-- Exercise requirements --
Among the entries that follow, some lines contain the word "From". Show all of them.

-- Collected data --
(* Let $\gamma$ be a cocycle and set $V_{\mathbb{R}}^\gamma:=\{z\in V_{\mathbb{R}}:\lambda(z)\ge\mathrm{val}_L(\gamma^{dom}(\lambda))\text{ for all }\lambda\in\Lambda\}$ and, for $w\in W$, $z_w:=-val(\gamma(w^{-1},\cdot))\in V_{\mathbb{R}}$. Then $V_{\mathbb{R}}^\gamma$ is the convex hull in $V_{\mathbb{R}}$ of the finitely many points $-z_w$, $w\in W$.
   Context: $L$ is a finite extension of $\mathbb{Q}_p$, $K$ a complete extension field of $\mathbb{Q}_p$ containing $L$; $|\ |_L$ normalized absolute value of $L$, $\mathrm{val}_L:K^\times\to\mathbb{R}$ with $\mathrm{val}_L(L^\times)=\mathbb{Z}$. $G$ is the $L$-points of an $L$-split connected reductive group, $T$ a maximal $L$-split torus, $P$ a Borel subgroup containing $T$, $W=N(T)/T$, $U_0$ a maximal compact subgroup special with respect to $T$, $\Lambda=T/(U_0\cap T)$, $\lambda:T\to\Lambda$ the projection, $W$ acting on $\Lambda$ by conjugation. $T^{--}=\{t:|\alpha(t)|_L\ge1$ for all roots $\alpha$ positive for $P\}$, $\Lambda^{--}=\lambda(T^{--})$. $V_{\mathbb{R}}=\mathrm{Hom}(\Lambda,\mathbb{R})$; each $\lambda\in\Lambda$ is viewed as a linear form on $V_{\mathbb{R}}$; $val:\mathrm{Hom}(\Lambda,K^\times)\to V_{\mathbb{R}}$, $\zeta\mapsto\mathrm{val}_L\circ\zeta$. A cocycle is $\gamma:W\times\Lambda\to K^\times$ with (a) $\gamma(w,\lambda\mu)=\gamma(w,\lambda)\gamma(w,\mu)$; (b) $\gamma(vw,\lambda)=\gamma(v,{}^w\lambda)\gamma(w,\lambda)$; (c) $|\gamma(w,\lambda)|\le1$ for $\lambda\in\Lambda^{--}$; (d) $\gamma(w,\lambda)=1$ if ${}^w\lambda=\lambda$. $\gamma^{dom}(\lambda):=\gamma(w,\lambda)$ for any $w$ with ${}^w\lambda\in\Lambda^{--}$. *)

From HB Require Import structures.
From mathcomp Require Import all_boot all_order all_algebra.
From Stdlib Require Import ClassicalEpsilon.
Set Implicit Arguments. Unset Strict Implicit. Unset Printing Implicit Defensive.
Import Order.TTheory GRing.Theory Num.Theory.
Local Open Scope ring_scope.

(* Cocharacter lattice Lambda = X_*(T) = Z^n as column vectors,
   characters X^*(T) = Z^n as row vectors, natural pairing <a, l>. *)
Definition pairing n (a : 'rV[int]_n) (l : 'cV[int]_n) : int := (a *m l) ord0 ord0.
(* Let $\mathcal{C},\mathcal{D}$ be simplicial models with facets $F$ of $\mathcal{C}$ and $G$ of $\mathcal{D}$, and let $\mathcal{M},\mathcal{N}$ be local epistemic models with worlds $w$ of $\mathcal{M}$ and $v$ of $\mathcal{N}$. Then $\mathcal{C},F$ and $\mathcal{D},G$ are bisimilar iff $\mathtt{LEM}(\mathcal{C}),F$ and $\mathtt{LEM}(\mathcal{D}),G$ are bisimilar; and $\mathcal{M},w$ and $\mathcal{N},v$ are bisimilar iff $\mathtt{SC}(\mathcal{M}),F^{\mathcal M}_w$ and $\mathtt{SC}(\mathcal{N}),F^{\mathcal N}_v$ are bisimilar.
   Context: Fix a nonempty finite set $\mathbf{A}$ of agents and a countable set $\mathbf{P}$ of predicate letters. A simplicial model is $\mathcal{C}=(\mathcal{V},C,\chi,\ell)$: $\mathcal{V}\neq\emptyset$; $C\subseteq\wp(\mathcal{V})$ with $\emptyset\notin C$, closed under nonempty subsets, containing all singletons; $\chi:\mathcal{V}\to\mathbf{A}$ injective on every member of $C$; $\ell:\mathbf{P}\to\wp(\mathcal{V})$; facets $\mathcal{F}(C)$ are the inclusion-maximal members of $C$. A first-order Kripke model is $\mathcal{M}=(W,\delta,\{R_a\}_{a\in\mathbf{A}},\rho)$: $W\neq\emptyset$, $\delta:W\to\wp(\mathbf{A})\setminus\{\emptyset\}$, $R_a\subseteq W\times W$ with $R_a(w)=\emptyset$ if $a\notin\delta(w)$, $\rho:\mathbf{P}\times W\to\wp(\mathbf{A})$ with $\rho(p,w)\subseteq\delta(w)$. $\mathcal{M}$ is a local epistemic model if: for each $a$ the restriction of $R_a$ to $\{w\mid a\in\delta(w)\}$ is an equivalence relation; $wR_av$ and $a\in\delta(w)$ imply $a\in\delta(v)$; $wR_av$ and $a\in\rho(p,w)$ imply $a\in\rho(p,v)$; $v\in\bigcap_{a\in\delta(w)}R_a(w)$ implies $\delta(v)\subseteq\delta(w)$. $\mathtt{LEM}(\mathcal{C})$ has worlds $\mathcal{F}(C)$, $\delta(F)=\chi[F]$, $R_a=\{(F,G)\mid a\in\chi[F\cap G]\}$, $\rho(p,F)=\chi[F\cap\ell(p)]$. For a local epistemic model $\mathcal{M}$, let $[w]_a=R_a(w)$ and $F^{\mathcal M}_w=\{(a,[w]_a)\mid a\in\delta(w)\}$; $\mathtt{SC}(\mathcal{M})$ has vertices $\{(a,[w]_a)\mid w\in W,a\in\delta(w)\}$, faces the nonempty subsets of the sets $F^{\mathcal M}_w$ ($w\in W$), coloring $(a,[w]_a)\mapsto a$, labeling $\ell(p)=\{(a,[w]_a)\mid a\in\rho(p,w)\}$. Bisimulation between simplicial models $\mathcal{C},\mathcal{D}$: $Z\subseteq\mathcal{F}(C^{\mathcal C})\times\mathcal{F}(C^{\mathcal D})$ such that for $(F,G)\in Z$: (Inv) $\chi^{\mathcal C}[F]=\chi^{\mathcal D}[G]$ and $\chi^{\mathcal C}[F\cap\ell^{\mathcal C}(p)]=\chi^{\mathcal D}[G\cap\ell^{\mathcal D}(p)]$ for all $p$; (Zig) for all $A\subseteq\mathbf{A}$ and facets $F'$ with $A\subseteq\chi^{\mathcal C}[F\cap F']$ there is a facet $G'$ with $A\subseteq\chi^{\mathcal D}[G\cap G']$ and $(F',G')\in Z$; (Zag) symmetric. Bisimulation between Kripke models $\mathcal{M},\mathcal{N}$: $Z\subseteq W^{\mathcal M}\times W^{\mathcal N}$ such that for $(w,v)\in Z$: (Inv) $\delta^{\mathcal M}(w)=\delta^{\mathcal N}(v)$ and $\rho^{\mathcal M}(p,w)=\rho^{\mathcal N}(p,v)$ for all $p$; (Zig) for all $A\subseteq\mathbf{A}$ and $w'\in\bigcap_{a\in A}R^{\mathcal M}_a(w)$ there is $v'\in\bigcap_{a\in A}R^{\mathcal N}_a(v)$ with $(w',v')\in Z$; (Zag) symmetric (the empty intersection is the whole set of worlds). Pointed models are bisimilar if some bisimulation relates the points. *)

From mathcomp Require Import ssreflect ssrfun ssrbool eqtype ssrnat choice fintype.
Set Implicit Arguments. Unset Strict Implicit. Unset Printing Implicit Defensive.

(* Sets are represented as predicates (X : T -> Prop); equality of sets of
   agents in the (Inv) clauses is extensional (pointwise <->). *)

Section Models.
Variables (Ag : finType) (P : countType).

Record smodel := SModel {
  sV : Type;
  sC : (sV -> Prop) -> Prop;
  schi : sV -> Ag;
  sell : P -> sV -> Prop
}.
Arguments sC : clear implicits. Arguments schi : clear implicits.
Arguments sell : clear implicits.

Definition is_smodel (C : smodel) : Prop :=
  inhabited (sV C) /\
  (forall X, sC C X -> exists x, X x) /\
  (forall X Y, sC C X -> (forall x, Y x -> X x) -> (exists y, Y y) -> sC C Y) /\
  (forall x : sV C, sC C (fun y => y = x)) /\
  (forall X, sC C X -> forall x y, X x -> X y -> schi C x = schi C y -> x = y).

Definition is_facet (C : smodel) (F : sV C -> Prop) : Prop :=
  sC C F /\ forall G, sC C G -> (forall x, F x -> G x) -> forall x, G x -> F x.

Definition facet (C : smodel) := {F : sV C -> Prop | is_facet F}.

Definition chimg (C : smodel) (X : sV C -> Prop) : Ag -> Prop :=
  fun a => exists x, X x /\ schi C x = a.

-- The completed task --
From HB Require Import structures.
From mathcomp Require Import all_boot all_order all_algebra.
From Stdlib Require Import ClassicalEpsilon.
From mathcomp Require Import ssreflect ssrfun ssrbool eqtype ssrnat choice fintype.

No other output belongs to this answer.